One of the pivotal elements in the film is the theme of transitions and metamorphosis. The body transforms into a battlefield, undergoing a series of physical and mental changes. The power relations among the figures and their dynamics evolve and change. The video is interwoven with transitions between interior and exterior, day and night, as well as shifts in the soundtrack from the sounds of a pastoral forest to cries of despair; fluctuations between violence and beauty when a wound turns out to be a flittering precious stone, between man and beast, and between life and death. The cords linking the figures likewise become a channel of communication through which organic materials such as saliva and blood pass. The figures operate according to the codes and norms of an invented, imaginary language describing pain, trauma, and passion. As in a horror movie, the viewer experiences moments of fear and jolting, he is captured in the illusion, moving between dream and reality. In some respect, the work is a radical, perverse continuation of fairytales a la the Brothers Grimm, which are characterized by motifs of woodland, imagination and horror.

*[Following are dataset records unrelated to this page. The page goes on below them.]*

Definition tens2 := seq (H * H).

Inductive teq2 : tens2 -> tens2 -> Prop :=
| teq2_refl s : teq2 s s
| teq2_sym s t : teq2 s t -> teq2 t s
| teq2_trans s t u : teq2 s t -> teq2 t u -> teq2 s u
| teq2_cat s s' t t' : teq2 s s' -> teq2 t t' -> teq2 (s ++ t) (s' ++ t')
| teq2_catC s t : teq2 (s ++ t) (t ++ s)
| teq2_addl a a' b : teq2 [:: (a + a', b)] [:: (a, b); (a', b)]
| teq2_addr a b b' : teq2 [:: (a, b + b')] [:: (a, b); (a, b')]
| teq2_scale (r : k) a b : teq2 [:: (r *: a, b)] [:: (a, r *: b)]
| teq2_zero b : teq2 [:: (0, b)] [::].

Definition tens3 := seq (H * H * H).

Inductive teq3 : tens3 -> tens3 -> Prop :=
| teq3_refl s : teq3 s s
| teq3_sym s t : teq3 s t -> teq3 t s
| teq3_trans s t u : teq3 s t -> teq3 t u -> teq3 s u
| teq3_cat s s' t t' : teq3 s s' -> teq3 t t' -> teq3 (s ++ t) (s' ++ t')
| teq3_catC s t : teq3 (s ++ t) (t ++ s)
| teq3_add1 a a' b c : teq3 [:: (a + a', b, c)] [:: (a, b, c); (a', b, c)]
| teq3_add2 a b b' c : teq3 [:: (a, b + b', c)] [:: (a, b, c); (a, b', c)]
| teq3_add3 a b c c' : teq3 [:: (a, b, c + c')] [:: (a, b, c); (a, b, c')]
| teq3_scale12 (r : k) a b c : teq3 [:: (r *: a, b, c)] [:: (a, r *: b, c)]
| teq3_scale23 (r : k) a b c : teq3 [:: (a, r *: b, c)] [:: (a, b, r *: c)]
| teq3_zero b c : teq3 [:: (0, b, c)] [::].

End Tensor.

Section FH.
Variables (k : comPzRingType) (H : algType k).

Definition klinear_form (g : H -> k) :=
  forall (r : k) (a b : H), g (r *: a + b) = r * g a + g b.

Definition klinear_endo (S : H -> H) :=
  forall (r : k) (a b : H), S (r *: a + b) = r *: S a + S b.

(* H is finitely generated projective over k (dual basis characterization) *)
Definition fg_projective :=
  exists n (e : 'I_n -> H) (phi : 'I_n -> H -> k),
    (forall i, klinear_form (phi i)) /\
    forall a, a = \sum_(i < n) phi i a *: e i.

(* Delta : H -> H (x) H given by representatives; epsilon : H -> k *)
Definition is_bialgebra (Delta : H -> tens2 H) (eps : H -> k) :=
  [/\
      (forall (r : k) a b, teq2 (Delta (r *: a + b))
          ([seq (r *: p.1, p.2) | p <- Delta a] ++ Delta b)),
      (forall a b, teq2 (Delta (a * b))
          [seq (p.1 * q.1, p.2 * q.2) | p <- Delta a, q <- Delta b]),
      teq2 (Delta 1) [:: (1, 1)],
      (forall a, teq3
          (flatten [seq [seq (q.1, q.2, p.2) | q <- Delta p.1] | p <- Delta a])
          (flatten [seq [seq (p.1, q.1, q.2) | q <- Delta p.2] | p <- Delta a]))
    &
    [/\ klinear_form eps, (forall a b, eps (a * b) = eps a * eps b), eps 1 = 1
    & forall a, \sum_(p <- Delta a) eps p.1 *: p.2 = a /\
              \sum_(p <- Delta a) eps p.2 *: p.1 = a]].

Definition is_frobenius_hom (f : H -> k) :=
  klinear_form f /\
  exists n (x y : 'I_n -> H),
    forall a, \sum_(i < n) f (y i * a) *: x i = a /\
              \sum_(i < n) f (a * x i) *: y i = a.

Definition is_right_integral (Delta : H -> tens2 H) (f : H -> k) :=
  forall a, \sum_(p <- Delta a) f p.1 *: p.2 = f a *: 1.

Definition is_FH_algebra (Delta : H -> tens2 H) (eps : H -> k) (f : H -> k) :=
  [/\ is_bialgebra Delta eps, fg_projective, is_frobenius_hom f
    & is_right_integral Delta f].

Definition is_antipode (Delta : H -> tens2 H) (eps : H -> k) (S : H -> H) :=
  klinear_endo S /\
  forall a, \sum_(p <- Delta a) S p.1 * p.2 = eps a *: 1 /\
            \sum_(p <- Delta a) p.1 * S p.2 = eps a *: 1.

Definition is_right_norm (eps : H -> k) (f : H -> k) (t : H) :=
  forall x, f (t * x) = eps x.

Definition conv (Delta : H -> tens2 H) (g h : H -> k) : H -> k :=
  fun x => \sum_(p <- Delta x) g p.1 * h p.2.

Definition is_right_distinguished (Delta : H -> tens2 H) (f : H -> k) (b : H) :=
  forall g : H -> k, klinear_form g ->
    forall x, conv Delta g f x = g b * f x.

End FH.

From mathcomp Require Import all_boot all_algebra ring.
Set Implicit Arguments.
Unset Strict Implicit.
Unset Printing Implicit Defensive.
Import GRing.Theory.
Local Open Scope ring_scope.

(* Since f is a Frobenius form, a tensor u is determined by the elements
   (id (x) f(_ a)) u, a in H; so it suffices to show that
   sum f(t1 a) t2 and sum f(t2 a) b^-1 S^2(t1) agree for every a.  The first is
   S(a), by the classical integral/antipode identity and f(t x) = eps(x).  For
   the second, phi(a) := sum f(t2 a) t1 satisfies S(phi(a)) b = a by the very
   definition of b, so S(phi(a)) = a b^-1; and as b is group-like,
   S(a b^-1) = b S(a), whence the second element is b^-1 b S(a) = S(a) too. *)

Section Tensor.
Variables (k : comPzRingType) (H : lmodType k).
Implicit Types (s t u : tens2 H).

Definition balanced2 {M : zmodType} (B : H -> H -> M) :=
  [/\ (forall a a' c, B (a + a') c = B a c + B a' c),
      (forall a c c', B a (c + c') = B a c + B a c') &
      (forall (r : k) a c, B (r *: a) c = B a (r *: c))].

Definition balanced3 {M : zmodType} (F : H -> H -> H -> M) :=
  [/\ (forall a a' c d, F (a + a') c d = F a c d + F a' c d),
      (forall a c c' d, F a (c + c') d = F a c d + F a c' d),
      (forall a c d d', F a c (d + d') = F a c d + F a c d'),
      (forall (r : k) a c d, F (r *: a) c d = F a (r *: c) d) &
      (forall (r : k) a c d, F a (r *: c) d = F a c (r *: d))].

Lemma eq_big_teq2 (M : zmodType) (B : H -> H -> M) : balanced2 B ->
  forall s s', teq2 s s' -> \sum_(p <- s) B p.1 p.2 = \sum_(p <- s') B p.1 p.2.
Proof.
case=> BDl BDr BZ s s'; elim => //=.
- by move=> ? ? ? _ -> _ ->.
- by move=> ? ? ? ? _ e1 _ e2; rewrite !big_cat e1 e2.
- by move=> ? ?; rewrite !big_cat /= addrC.
- by move=> a a' c; rewrite !big_cons !big_nil /= BDl !addr0.
- by move=> a c c'; rewrite !big_cons !big_nil /= BDr !addr0.
- by move=> r a c; rewrite !big_seq1 BZ.
- move=> c; rewrite big_seq1 big_nil /=.
  by apply: (addrI (B 0 c)); rewrite -BDl !addr0.
Qed.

The artificial, mannerist effects in the film, the kitsch and the sickly imagination reveal a variety of influences. In 2001 Tichacek was an intern in Mathew Barney’s New York studio when the latter shot the last film in his Cremaster series. “What drew me to Barney’s work was the prosthetic materials and forms he uses to create these gender-ambiguous creatures,” says Tichacek. It was these strange, elf-like bodies that I loved.” During her stay in New York Tichacek met American transsexual idol, Amanda Lepore, with whom she filmed Lineage of the Divine(2002), a precursor of the current work. Tichacek was enchanted by the star’s exaggerated, operated, unnatural beauty: as someone who has “a love-hate relation to femininity, I’m drawn to someone like her, but she is also a tormenting thing, a sign of what’s oppressive about femininity. Like in my own upbringing in Switzerland before moving to Australia in my late teens. It was very conservative there. Very beautiful and gorgeous, but strict and oppressive.”
Monika Tichacek (1975) was born in Zurich. She moved to Australia in 1994. Lives and works in Sydney.